I'm new to springBatch chunking. I want to understand how reader works
here is the scenario : implementing a purging of user accounts Chunk processor : have a reader which reads all the user accounts that matches with purge criteria ,in an order. processor : for each user account based on the some calculation ,it may create a new user account and also changes current record(say mark it as purged)
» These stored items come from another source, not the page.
Definition meas_partition (n : nat) (Sc : 'I_n -> set R) : Prop :=
  [/\ (forall i, measurable (Sc i)),
      (forall i, Sc i `<=` Sset),
      (forall i j, i != j -> Sc i `&` Sc j = set0) &
      (forall s, Sset s -> exists i, Sc i s)].

Definition written_on (n : nat) (Sc : 'I_n -> set R) (x : 'I_n -> R)
  (X : R -> R) : Prop := forall i s, Sc i s -> X s = x i.

Definition statewise_monotone xl xu (pref : (R -> R) -> (R -> R) -> Prop) :=
  forall (n : nat) (Sc : 'I_n -> set R) (x y : 'I_n -> R) (X Y : R -> R),
    inL xl xu X -> inL xl xu Y -> meas_partition Sc ->
    written_on Sc x X -> written_on Sc y Y ->
    (forall i, y i <= x i) ->
    (exists i, y i < x i /\ 0 < Prob (Sc i)) ->
    strict_pref pref X Y.

Definition regret_fun (xl xu : R) (psi : R -> R -> R) : Prop :=
  let I := [set x : R | xl <= x <= xu] in
  [/\ {within I `*` I, continuous (fun p : R * R => psi p.1 p.2)},
      (forall x, I x -> psi x x = 0),
      (forall x x' y, I x -> I x' -> I y -> x < x' -> psi x y < psi x' y) &
      (forall x y y', I x -> I y -> I y' -> y < y' -> psi x y' < psi x y)].

(* The regret lottery Psi(X,Y), represented by its cdfX
   t |-> P(psi(X,Y) <= t). *)
Definition regret_lottery (psi : R -> R -> R) (X Y : R -> R) : R -> R :=
  cdfX (fun s => psi (X s) (Y s)).

Definition weak_cvg (Gk : nat -> R -> R) (G : R -> R) : Prop :=
  forall t, {for t, continuous G} -> (fun k => Gk k t) @ \oo --> G t.

Definition continuous_on_regret_lotteries xl xu (psi : R -> R -> R)
  (V : (R -> R) -> R) : Prop :=
  forall (Xk Yk : nat -> R -> R) (X Y : R -> R),
    (forall k, inL xl xu (Xk k)) -> (forall k, inL xl xu (Yk k)) ->
    inL xl xu X -> inL xl xu Y ->
    weak_cvg (fun k => regret_lottery psi (Xk k) (Yk k)) (regret_lottery psi X Y) ->
    (fun k => V (regret_lottery psi (Xk k) (Yk k))) @ \oo -->
      V (regret_lottery psi X Y).

Definition regret_based xl xu (pref : (R -> R) -> (R -> R) -> Prop) : Prop :=
  exists (psi : R -> R -> R) (V : (R -> R) -> R),
    [/\ regret_fun xl xu psi,
        continuous_on_regret_lotteries xl xu psi V &
        forall X Y, inL xl xu X -> inL xl xu Y ->
          (pref X Y <-> 0 <= V (regret_lottery psi X Y))].

End Defs.

From mathcomp Require Import all_boot all_order all_algebra.
From mathcomp Require Import all_classical all_reals all_analysis.
Set Implicit Arguments. Unset Strict Implicit. Unset Printing Implicit Defensive.
Import Order.TTheory GRing.Theory Num.Theory.
Local Open Scope classical_set_scope.
Local Open Scope ring_scope.

(* The regret lottery Psi(X, Y) only depends on the joint law of (X, Y).  When X and Y
   are equally distributed on a finite range a_0, ..., a_(n-1), the matrix
   q i j = P(X = a_i, Y = a_j) has equal row and column sums: it is a circulation, hence
   a nonnegative combination of closed walks.  Laying all rotations of these walks side
   by side on [0, 1] yields Z_0, Z_1, ..., Z_M = Z_0 such that every (Z_k, Z_(k+1)) has
   the joint law of (X, Y).  If X were strictly preferred to Y, regret-basedness would
   give Z_k >= Z_(k+1) for all k, hence Z_1 >= Z_M = Z_0 by transitivity, although
   (Z_1, Z_0) has the joint law of (Y, X). *)

Definition has_period (T : Type) (M : nat) (w : nat -> T) := forall l, w (l + M)%N = w l.

Lemma has_period_modn (T : Type) M (w : nat -> T) :
  has_period M w -> forall l, w (l %% M)%N = w l.
Proof.
move=> per l; rewrite {2}(divn_eq l M); elim: (l %/ M)%N => [|k IH].
  by rewrite mul0n add0n.
by rewrite mulSn -addnA addnC per IH.
Qed.

Lemma has_period_addmodn (T : Type) M (w : nat -> T) l k :
  has_period M w -> w (l + k %% M)%N = w (l + k)%N.
Proof. by move=> per; rewrite -(has_period_modn per) modnDmr has_period_modn. Qed.

Lemma sum_shift_period M (f : nat -> nat) k : has_period M f ->
  (\sum_(0 <= l < M) f (l + k) = \sum_(0 <= l < M) f l)%N.
Proof.
move=> per; elim: k => [|k IH]; first by under eq_bigr do rewrite addn0.
rewrite -{}IH; case: M per => [|M] per; first by rewrite !big_geq.
under eq_bigr do rewrite -addSnnS.
rewrite big_nat_recr //= [RHS]big_nat_recl //=.
by rewrite addnC add0n [(M.+1 + k)%N]addnC per.
Qed.

(* Two of the first n + 1 iterates coincide, so from step n on the orbit has a period
   L <= n, and L divides n`!. *)
Lemma iter_has_period_fact n (f : 'I_n -> 'I_n) (x : 'I_n) :
  has_period n`! (fun l => iter (n + l) f x).
Proof.
move=> u /=; rewrite addnA.
have /injectivePn [k1 [k2 ne12 e12]] : ~~ injectiveb (fun k : 'I_n.+1 => iter k f x).
  apply/negP => /injectiveP inj; have := leq_card _ inj.
  by rewrite !card_ord ltnn.
wlog lt12 : k1 k2 ne12 e12 / (k1 < k2)%N.
  move=> W; have [lt|gt|eq] := ltngtP k1 k2; first exact: (W k1 k2).
    by apply: (W k2 k1); rewrite // eq_sym.
  by move: ne12; rewrite -(inj_eq val_inj) /= eq eqxx.
pose L := (k2 - k1)%N.
have step v : iter (k1 + v + L) f x = iter (k1 + v) f x.
  rewrite -addnA (addnC v) addnA /L subnKC ?(ltnW lt12) //.
  by rewrite addnC iterD /= -e12 -iterD addnC.
have steps c v : iter (k1 + v + c * L) f x = iter (k1 + v) f x.
  elim: c => [|c IH]; first by rewrite mul0n addn0.
  by rewrite mulSn addnA -addnA (addnC L) addnA -(addnA k1 v) step addnA IH.
have [c ->] : exists c, n`! = (c * L)%N.
  exists (n`! %/ L)%N; rewrite divnK // dvdn_fact // subn_gt0 lt12 /L.
  by rewrite (leq_trans (leq_subr _ _)) // -ltnS.
have k1n : (k1 <= n)%N by rewrite -ltnS.
by rewrite (_ : n + u = k1 + (n - k1 + u))%N ?steps // addnA subnKC.
Qed.

Section ClosedWalks.
Variables n M : nat.
Implicit Type w : nat -> 'I_n.

Definition transitions w (i j : 'I_n) : nat :=
  (\sum_(0 <= l < M) ((w l == i) && (w l.+1 == j)))%N.

Lemma transitions_shift w k i j : has_period M w ->
  transitions (fun l => w (l + k)%N) i j = transitions w i j.
Proof.
move=> per; rewrite /transitions; under eq_bigr do rewrite addSn.
apply: (sum_shift_period (f := fun l => nat_of_bool ((w l == i) && (w l.+1 == j)))).
by move=> l /=; rewrite -addSn !per.
Qed.

Lemma transitions_gt0 (e : rel 'I_n) w i j : (forall l, e (w l) (w l.+1)) ->
  (0 < transitions w i j)%N -> e i j.
Proof.
move=> ew; apply: contraLR => nij; rewrite -leqNgt leqn0; apply/eqP/big1 => l _.
by case: eqP => [wi|] //=; case: eqP => [wj|] //=; move: nij; rewrite -wi -wj ew.
Qed.

Lemma transitions_start w : (0 < M)%N -> (0 < transitions w (w 0%N) (w 1%N))%N.
Proof. by move=> M0; rewrite /transitions big_ltn // !eqxx. Qed.

Lemma sum_transitions_src w i :
  (\sum_j transitions w i j = \sum_(0 <= l < M) (w l == i))%N.
Proof.
rewrite /transitions exchange_big /=; apply: eq_bigr => l _.
rewrite (bigD1 (w l.+1)) //= eqxx andbT big1 ?addn0 // => j.
by rewrite eq_sym => /negbTE ->; rewrite andbF.
Qed.

Lemma sum_transitions_dst w j :
  (\sum_i transitions w i j = \sum_(0 <= l < M) (w l.+1 == j))%N.
Proof.
rewrite /transitions exchange_big /=; apply: eq_bigr => l _.
rewrite (bigD1 (w l)) //= eqxx big1 ?addn0 // => i.
by rewrite eq_sym => /negbTE ->.
Qed.

Lemma transitions_balanced w i : has_period M w ->
  (\sum_j transitions w i j = \sum_j transitions w j i)%N.
Proof.
move=> per; rewrite sum_transitions_src sum_transitions_dst.
rewrite -(sum_shift_period (f := fun l => nat_of_bool (w l == i)) 1) => [|l /=].
  by under eq_bigr do rewrite addn1.
by rewrite per.
Qed.

Lemma transitions_total w : (\sum_i \sum_j transitions w i j = M)%N.
Proof.
under eq_bigr do rewrite sum_transitions_src.
rewrite exchange_big /= -[RHS]muln1 -[M in RHS]subn0 -sum_nat_const_nat.
apply: eq_bigr => l _; rewrite (bigD1 (w l)) //= eqxx big1 // => i.
by rewrite eq_sym => /negbTE ->.
Qed.

End ClosedWalks.

Section Circulations.
Variables (R : realFieldType) (n : nat).
Implicit Type q : 'I_n -> 'I_n -> R.
Local Notation M := n`!.

Definition circulation q :=
  (forall i j, 0 <= q i j) /\ (forall i, \sum_j q i j = \sum_j q j i).

Definition arcs q := [set p : 'I_n * 'I_n | q p.1 p.2 != 0]%SET.

Lemma circulation_closed_walk q i0 j0 : circulation q -> 0 < q i0 j0 ->
  exists w, has_period M w /\ forall l, 0 < q (w l) (w l.+1).
Proof.
move=> [q0 bal] qij.
(* Balance: a vertex entered through a positive arc also has a positive outgoing arc. *)
pose succ v := if [pick j | 0 < q v j] is Some j then j else v.
have succ_gt0 v : [exists j, 0 < q v j] -> 0 < q v (succ v).
  by rewrite /succ; case: pickP => [//|none /existsP [j]]; rewrite none.
have succ_out v : 0 < q v (succ v) -> [exists j, 0 < q (succ v) j].
  apply: contraLR => /existsPn none.
  have : \sum_j q (succ v) j = 0.
    by apply: big1 => j _; apply/eqP; rewrite eq_le q0 andbT leNgt none.
  rewrite bal (bigD1 v) //= => /eqP; rewrite paddr_eq0 ?q0 ?sumr_ge0 //.
  by case/andP => /eqP ->; rewrite ltxx.
have active m : [exists j, 0 < q (iter m succ i0) j].
  by elim: m => [|m IH]; [apply/existsP; exists j0 | exact/succ_out/succ_gt0].
exists (fun l => iter (n + l) succ i0); split; first exact: iter_has_period_fact.
by move=> l; rewrite addnS; apply: succ_gt0.
Qed.

Lemma circulation_peel q w : circulation q -> has_period M w ->
  (forall l, 0 < q (w l) (w l.+1)) ->
  exists2 eps, 0 < eps &
    circulation (fun i j => (q i j - eps * (transitions M w i j)%:R)%R) /\
    (#|arcs (fun i j => (q i j - eps * (transitions M w i j)%:R)%R)| < #|arcs q|)%N.
Proof.
move=> [q0 bal] per wq.
set C := transitions M w.
have Cq i j : (0 < C i j)%N -> 0 < q i j.
  exact: (transitions_gt0 (e := fun i j => 0 < q i j)).
pose P (p : 'I_n * 'I_n) := (0 < C p.1 p.2)%N.
have P0 : P (w 0%N, w 1%N) by apply: transitions_start; exact: fact_gt0.
have [p Pp pmin] := arg_minP (fun p => q p.1 p.2 / (C p.1 p.2)%:R) P0.
set eps := q p.1 p.2 / _ in pmin *.
(* eps is the largest multiple of the transition counts of w below q: it empties arc p. *)
have eps0 : 0 < eps by rewrite divr_gt0 ?Cq ?ltr0n.
exists eps => //; split; first split.
- move=> i j; rewrite subr_ge0; have [->|Cij] := posnP (C i j).
    by rewrite mulr0 q0.
  by rewrite -ler_pdivlMr ?ltr0n //; exact: (pmin (i, j)).
- move=> i; rewrite !sumrB -!mulr_sumr -!natr_sum bal.
  by rewrite (transitions_balanced _ per).
apply: proper_card; apply/properP; split.
  apply/fintype.subsetP => ij; rewrite !inE; apply: contraNN => /eqP qij.
  have /eqP -> : C ij.1 ij.2 == 0%N.
    by rewrite -leqn0 leqNgt; apply/negP => /Cq; rewrite qij ltxx.
  by rewrite qij mulr0 subr0.
exists p; rewrite !inE; first by rewrite gt_eqF ?Cq.
by rewrite negbK /eps divfK ?subrr // pnatr_eq0 -lt0n.
Qed.

Lemma circulation_decomposition q : circulation q ->
  exists m (c : 'I_m -> R) (w : 'I_m -> nat -> 'I_n),
    [/\ forall b, 0 <= c b, forall b, has_period M (w b) &
        forall i j, q i j = \sum_b c b * (transitions M (w b) i j)%:R].
Proof.
elim: {q}_.+1 {-2}q (ltnSn #|arcs q|) => // k IH q arcs_k cq.
have [/cards0_eq arcs0|/card_gt0P [[i0 j0]]] := posnP #|arcs q|.
  exists 0%N, (fun=> 0), (fun b _ => widen_ord (leq0n n) b).
  split=> [[]|[]|i j] //; rewrite big_ord0.
  by have /setP/(_ (i, j)) := arcs0; rewrite !inE => /negbFE/eqP.
rewrite inE /= => qij; have [q0 _] := cq.
have qij_gt0 : 0 < q i0 j0 by rewrite lt_def qij q0.
have [w [per wq]] := circulation_closed_walk cq qij_gt0.
have [eps eps0 [cq' arcs_lt]] := circulation_peel cq per wq.
have [m [c [ws [c0 ws_per qE]]]] := IH _ (leq_trans arcs_lt arcs_k) cq'.
exists m.+1, (fun b => oapp c eps (unlift ord0 b)), (fun b => oapp ws w (unlift ord0 b)).
split=> [b|b|i j].
- by case: (unlift ord0 b) => [b'|] /=; [exact: c0 | exact: ltW].
- by case: (unlift ord0 b) => [b'|] /=; [exact: ws_per|].
- rewrite big_ord_recl unlift_none /=; under eq_bigr do rewrite liftK /=.
  by rewrite -qE addrC subrK.
Qed.

Lemma decomposition_mass q m (c : 'I_m -> R) (w : 'I_m -> nat -> 'I_n) :
  (forall i j, q i j = \sum_b c b * (transitions M (w b) i j)%:R) ->
  \sum_i \sum_j q i j = (\sum_b c b) * M%:R.
Proof.
move=> qE; under eq_bigr do under eq_bigr do rewrite qE.
under eq_bigr do rewrite exchange_big /=; rewrite exchange_big mulr_suml /=.
apply: eq_bigr => b _; rewrite -[in RHS](transitions_total M (w b)) natr_sum mulr_sumr.
by apply: eq_bigr => i _; rewrite natr_sum mulr_sumr.
Qed.

End Circulations.

Section Probability.
Variable R : realType.
Local Notation S := (@Sset R).
Local Notation leb := (@lebesgue_measure R).
Implicit Types (A B : set R) (Z W : R -> R).

Lemma Sset_itv : S = `[0, 1]%classic.
Proof. by apply/seteqP; split => x; rewrite /= in_itv. Qed.

Lemma measurable_Sset : measurable S.
Proof. by rewrite Sset_itv. Qed.

Lemma lebesgue_Sset : leb S = 1%E.
Proof. by rewrite Sset_itv lebesgue_measure_itv /= lte_fin ltr01 oppr0 adde0. Qed.

Lemma lebesgue_ProbE A : measurable (A `&` S) -> leb (A `&` S) = (Prob A)%:E.
Proof.
move=> mA; rewrite /Prob fineK // ge0_fin_numE //.
apply: (le_lt_trans (le_measure _ _ _ _)).
- by rewrite inE.
- by rewrite inE; exact: measurable_Sset.
- exact: subIsetr.
- by change (leb S < +oo)%E; rewrite lebesgue_Sset ltry.
Qed.

Lemma Prob_ge0 A : measurable (A `&` S) -> 0 <= Prob A.
Proof. by move=> mA; rewrite -lee_fin -lebesgue_ProbE. Qed.

Lemma eq_Prob A B : A `&` S = B `&` S -> Prob A = Prob B.
Proof. by rewrite /Prob => ->. Qed.

Lemma Prob0 A : A `&` S = set0 -> Prob A = 0.
Proof. by rewrite /Prob => ->; rewrite measure0. Qed.

Lemma ProbT : Prob [set: R] = 1.
Proof. by rewrite /Prob setTI lebesgue_Sset. Qed.

Lemma ProbU A B : measurable (A `&` S) -> measurable (B `&` S) ->
  A `&` B `&` S = set0 -> Prob (A `|` B) = Prob A + Prob B.
Proof.
move=> mA mB AB0; rewrite {1}/Prob setIUl measureU //; last by rewrite setIACA setIid.
rewrite -[RHS]/(fine ((Prob A)%:E + (Prob B)%:E)).
by congr (fine (_ + _)%E); exact: lebesgue_ProbE.
Qed.

Lemma measurable_preimage Z B : measurable_fun S Z -> measurable B ->
  measurable ([set x | B (Z x)] `&` S).
Proof. by move=> mZ mB; rewrite setIC; exact: mZ measurable_Sset _ mB. Qed.

Lemma measurable_level Z c : measurable_fun S Z -> measurable ([set x | Z x = c] `&` S).
Proof. by move=> mZ; exact: measurable_preimage mZ (measurable_set1 c). Qed.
question : how doe the reader work? say i have 5000 user accounts. If my chunk size is 1000
will reader reads 1000 records and then starts processor . (say processor creates another 100 new records ) ,now writer writes whatever records updated
for reading next 1000 records will the reader executes query again? how does it know where to start?
I'm using hibernate.
To answer your specific question, it depends on the ItemReader
implementation you use. If you're using the JdbcCursorItemReader
, we hold the cursor open during the entire process so we're really reading from the execution of one query. If you're using the JdbcPagingItemReader
, then where the next chunk begins is based on the pagination logic.
A couple notes:
JdbcPagingItemReader
, each query is a unique query so if you add records that meet the criteria, they will be returned as well (I'm not 100% sure what would happen if the underlying data changed while a cursor was open…it may be a function of the db itself). Typically, you'll tag the records you want to process in that batch run with some from of flag (timestamp, processing flag, etc).